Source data
◆ ◆ ◆ ◆ ◆ ◆ ◆

(* Let $c,h,\alpha,\beta\in\mathbb{C}$, $l,\gamma\in\mathbb{C}^*$ and $k\in\frac12\mathbb{Z}$. In the $\mathcal{D}$-module $M(c,h,l)\otimes\mathbb{C}[y^{\pm\frac12}]$ described below, let $W^{(k)}=\sum_{i\in\frac12\mathbb{Z}_{\ge0}}U(\mathcal{D})(\mathbf{1}\otimes y^{k+i})$ and $W^{(k)}_n=W^{(k)}\cap(M(c,h,l)\otimes y^n)$ for $n\in\frac12\mathbb{Z}$. Then: (1) $W^{(k)}=\sum_{i\in\frac12\mathbb{Z}_{\ge0}}U(\mathcal{D}^-)(\mathbf{1}\otimes y^{k+i})$; (2) $W^{(k)}\supseteq\bigoplus_{i\in\frac12\mathbb{Z},\, i\geq k}M(c,h,l)\otimes y^i$; (3) $M(c,h,l)\otimes y^{k-\frac12}=W^{(k)}_{k-\frac12}\oplus\mathbb{C}(\mathbf{1}\otimes y^{k-\frac12})$; (4) if $P\in U(\mathcal{D}^-)$ is homogeneous and $P\mathbf{1}\otimes y^{k-\frac12}\in W^{(k)}_{k-\frac12}$, then $x\otimes y^{k-\frac12}\in W^{(k)}_{k-\frac12}$ for every $x\in U(\mathcal{D}^-)P\mathbf{1}$.
   Context: The mirror-twisted Heisenberg–Virasoro algebra $\mathcal{D}$ is the complex Lie algebra with basis $\{d_m,h_r,\mathbf{c},\mathbf{l}: m\in\mathbb{Z}, r\in\frac12+\mathbb{Z}\}$ and brackets $[d_m,d_n]=(m-n)d_{m+n}+\frac{m^3-m}{12}\delta_{m+n,0}\mathbf{c}$, $[d_m,h_r]=-rh_{m+r}$, $[h_r,h_s]=r\delta_{r+s,0}\mathbf{l}$, with $\mathbf{c},\mathbf{l}$ central. $\mathcal{D}^{\pm}=\mathrm{span}\{d_{\pm n},h_{\pm r}: n\in\mathbb{N}, r\in\frac12+\mathbb{Z}_{\ge0}\}$, $\mathcal{D}^0=\mathrm{span}\{d_0,\mathbf{c},\mathbf{l}\}$. Homogeneous elements of $U(\mathcal{D})$ are those of fixed degree, where $\deg d_m=m$, $\deg h_r=r$ (so $d_{-i}$ has degree $-i$). The Verma module is $M(c,h,l)=U(\mathcal{D})\otimes_{U(\mathcal{D}^0\oplus\mathcal{D}^+)}\mathbb{C}\mathbf{1}$ ($d_0\mathbf{1}=h\mathbf{1}$, $\mathbf{c}\mathbf{1}=c\mathbf{1}$, $\mathbf{l}\mathbf{1}=l\mathbf{1}$, $\mathcal{D}^+\mathbf{1}=0$); it equals $U(\mathcal{D}^-)\mathbf{1}$, free over $U(\mathcal{D}^-)$. The vector space $M(c,h,l)\otimes\mathbb{C}[y^{\pm\frac12}]$ is a $\mathcal{D}$-module via, for homogeneous $P\in U(\mathcal{D}^-)$, $i\in\frac12\mathbb{Z}$, $n\in\mathbb{Z}$, $r\in\frac12+\mathbb{Z}$: $d_n(P\mathbf{1}\otimes y^i)=\big(d_nP\mathbf{1}+(\alpha+\beta n+\deg(P)-i)P\mathbf{1}\big)\otimes y^{i+n}$, $h_r(P\mathbf{1}\otimes y^i)=\big(h_rP\mathbf{1}+(\delta_{i-\deg(P)\in\mathbb{Z}}+\gamma\,\delta_{i-\deg(P)\notin\mathbb{Z}})P\mathbf{1}\big)\otimes y^{i+r}$, $\mathbf{c}$ and $\mathbf{l}$ acting as $c$ and $l$; here $\delta_{x\in\mathbb{Z}}$ is $1$ if $x\in\mathbb{Z}$ and $0$ otherwise, $\delta_{x\notin\mathbb{Z}}=1-\delta_{x\in\mathbb{Z}}$. (This module is isomorphic to $M(c,h,l)\otimes A(\alpha,\beta,\gamma)$ via $P\mathbf{1}\otimes v_k\mapsto P\mathbf{1}\otimes y^{k+\deg P}$, where $A(\alpha,\beta,\gamma)$ has basis $v_k$, $k\in\frac12\mathbb{Z}$, with $d_mv_k=(\alpha+\beta m-k)v_{m+k}$, $h_rv_n=v_{n+r}$ ($n\in\mathbb{Z}$), $h_rv_s=\gamma v_{r+s}$ ($s\in\frac12+\mathbb{Z}$), $\mathbf{c}=\mathbf{l}=0$.) *)

From mathcomp Require Import all_boot all_algebra.
From mathcomp Require Import reals complex.
Import GRing.Theory Num.Theory.

Set Implicit Arguments.
Unset Strict Implicit.
Unset Printing Implicit Defensive.

Local Open Scope ring_scope.

(*  - A basis element of D (other than c, l) is a token (b, m) : bool * int: *)
(*      (false, m)  stands for d_m            (m in Z),                      *)
(*      (true,  s)  stands for h_{s + 1/2}    (s in Z).                      *)
(*  - Elements of (1/2)Z (degrees, exponents of y) are stored doubled:      *)
(*    the integer j stands for j/2.                                          *)

Definition token := (bool * int)%type.

Definition tokdeg (t : token) : int := if t.1 then 2 * t.2 + 1 else 2 * t.2.

(* generator of D^- : d_m with m < 0, or h_{s+1/2} with s + 1/2 < 0 *)
Definition negtok (t : token) : bool := t.2 < 0.

Definition negword (w : seq token) : bool := all negtok w.

Definition wdeg (w : seq token) : int := \sum_(t <- w) tokdeg t.

Definition oddz (j : int) : bool := odd `|j|%N.

Section Modules.
Variable R : realType.
Local Notation C := (R[i]).
Variable V : lmodType C.
(* action of d_m and of h_{s+1/2} on V *)
Variables (dV hV : int -> {linear V -> V}).

Definition half_odd (s : int) : C := s%:~R + 2%:R^-1.

Definition act_tok (t : token) : V -> V := if t.1 then hV t.2 else dV t.2.

Definition act_word (w : seq token) (v : V) : V := foldr act_tok v w.

(* an element P of U(D), given as a linear combination of words, applied to v *)
Definition evalU (P : seq (C * seq token)) (v : V) : V :=
  \sum_(p <- P) p.1 *: act_word p.2 v.

(* V is a D-module on which c acts as c and l acts as l *)
Definition D_rep (c l : C) : Prop :=
  [/\ (forall (m n : int) (v : V),
         dV m (dV n v) - dV n (dV m v)
         = (m - n)%:~R *: dV (m + n) v
           + (if m + n == 0 then ((m ^+ 3 - m)%:~R / 12%:R * c) *: v else 0)),
      (forall (m s : int) (v : V),
         dV m (hV s v) - hV s (dV m v) = (- half_odd s) *: hV (m + s) v) &
      (forall (s s' : int) (v : V),
         hV s (hV s' v) - hV s' (hV s v)
         = if s + s' + 1 == 0 then (half_odd s * l) *: v else 0)].

(* ordered (PBW) monomials of U(D^-):
   h_{-r_1} ... h_{-r_p} d_{-n_1} ... d_{-n_q}, indices sorted *)
Definition pbw (w : seq token) : Prop :=
  exists (hs ds : seq int),
    [/\ w = map (fun s => (true, s)) hs ++ map (fun n => (false, n)) ds,
        sorted <=%R hs, sorted <=%R ds,
        all (fun s => s < 0) hs & all (fun n => n < 0) ds].

(* (V, v0) is the Verma module M(c,h,l): a D-module with a highest weight
   vector v0 of weight (c,h,l), free over U(D^-) on v0, i.e. the ordered
   PBW monomials of U(D^-) applied to v0 form a basis of V. *)
Definition is_Verma (v0 : V) (c h l : C) : Prop :=
  D_rep c l /\
  [/\ dV 0 v0 = h *: v0,
      (forall n : int, 0 < n -> dV n v0 = 0),
      (forall s : int, 0 <= s -> hV s v0 = 0),
      (forall v : V, exists P : seq (C * seq token),
          (forall p, p \in P -> pbw p.2) /\ v = evalU P v0) &
      (forall P : seq (C * seq token),
          uniq (map snd P) -> (forall p, p \in P -> pbw p.2) ->
          evalU P v0 = 0 -> forall p, p \in P -> p.1 = 0)].

(* par is the parity operator P1 |-> (-1)^{2 deg P} P1 on M(c,h,l) (it is
   uniquely determined by these conditions, as V = U(D) v0). *)
Definition parity_op (par : {linear V -> V}) (v0 : V) : Prop :=
  [/\ par v0 = v0,
      (forall (m : int) (v : V), par (dV m v) = dV m (par v)) &
      (forall (s : int) (v : V), par (hV s v) = - hV s (par v))].

(* t : int -> V represents  sum_j  t j (x) y^{j/2}. *)
Definition T := int -> V.

Definition single (j : int) (v : V) : T := fun j' => if j' == j then v else 0.

Definition sumT (s : seq (int * V)) : T :=
  fun j => \sum_(p <- s | p.1 == j) p.2.

Variables (par : {linear V -> V}) (h alpha beta gamma : C).

(* d_n (P1 (x) y^i) = (d_n P1 + (alpha + beta n + deg P - i) P1) (x) y^{i+n},
   using deg(P) P1 = h P1 - d_0 P1 for homogeneous P. *)
Definition dT (n : int) (t : T) : T :=
  fun j => let j0 := j - 2 * n in let v := t j0 in
    dV n v + (alpha + beta * n%:~R - j0%:~R / 2%:R + h) *: v - dV 0 v.

(* integral-degree and half-integral-degree components *)
Definition Epart (v : V) : V := 2%:R^-1 *: (v + par v).
Definition Opart (v : V) : V := 2%:R^-1 *: (v - par v).

(* coefficient  delta_{i - deg P in Z} + gamma delta_{i - deg P notin Z},
   for i = j0/2 *)
Definition hcoef (j0 : int) (v : V) : V :=
  if oddz j0 then Opart v + gamma *: Epart v else Epart v + gamma *: Opart v.

(* h_{s+1/2} (P1 (x) y^i) = (h_{s+1/2} P1 + coef P1) (x) y^{i+s+1/2} *)
Definition hT (s : int) (t : T) : T :=
  fun j => let j0 := j - (2 * s + 1) in let v := t j0 in hV s v + hcoef j0 v.

(* action operators of the basis of D (c, l act by scalars) *)
Definition opsD (f : T -> T) : Prop :=
  (exists n : int, f = dT n) \/ (exists s : int, f = hT s).

Definition opsDminus (f : T -> T) : Prop :=
  (exists n : int, n < 0 /\ f = dT n) \/ (exists s : int, s < 0 /\ f = hT s).

End Modules.

(* U(A) S for a set ops of operators spanning the action of A:
   the smallest subspace containing S and stable under every operator in ops *)
Inductive gen_sub (K : fieldType) (V : lmodType K)
    (ops : ((int -> V) -> (int -> V)) -> Prop) (S : (int -> V) -> Prop)
    : (int -> V) -> Prop :=
  | gs_gen t : S t -> gen_sub ops S t
  | gs_zero : gen_sub ops S (fun _ => 0)
  | gs_add t u : gen_sub ops S t -> gen_sub ops S u ->
                 gen_sub ops S (fun j => t j + u j)
  | gs_scale (a : K) t : gen_sub ops S t -> gen_sub ops S (fun j => a *: t j)
  | gs_op f t : ops f -> gen_sub ops S t -> gen_sub ops S (f t).

(* the generators  1 (x) y^{k+i},  i in (1/2)Z_{>=0}  (k = kk/2) *)
Definition gensW (K : fieldType) (V : lmodType K) (v0 : V) (kk : int)
    (t : int -> V) : Prop :=
  exists i : int, 0 <= i /\ t = (fun j' => if j' == kk + i then v0 else 0).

◆ ◆ ◆ ◆ ◆ ◆ ◆

* _REQUIRED ACTION_:
Copy the lines of the data above exactly as written, beginning with the line containing "(exists n : int, n" and ending with the line containing "(fun j => a *: t j)", and leave out all other lines.

* _EXERCISE OUTPUT_:
  (exists n : int, n < 0 /\ f = dT n) \/ (exists s : int, s < 0 /\ f = hT s).

End Modules.

(* U(A) S for a set ops of operators spanning the action of A:
   the smallest subspace containing S and stable under every operator in ops *)
Inductive gen_sub (K : fieldType) (V : lmodType K)
    (ops : ((int -> V) -> (int -> V)) -> Prop) (S : (int -> V) -> Prop)
    : (int -> V) -> Prop :=
  | gs_gen t : S t -> gen_sub ops S t
  | gs_zero : gen_sub ops S (fun _ => 0)
  | gs_add t u : gen_sub ops S t -> gen_sub ops S u ->
                 gen_sub ops S (fun j => t j + u j)
  | gs_scale (a : K) t : gen_sub ops S t -> gen_sub ops S (fun j => a *: t j)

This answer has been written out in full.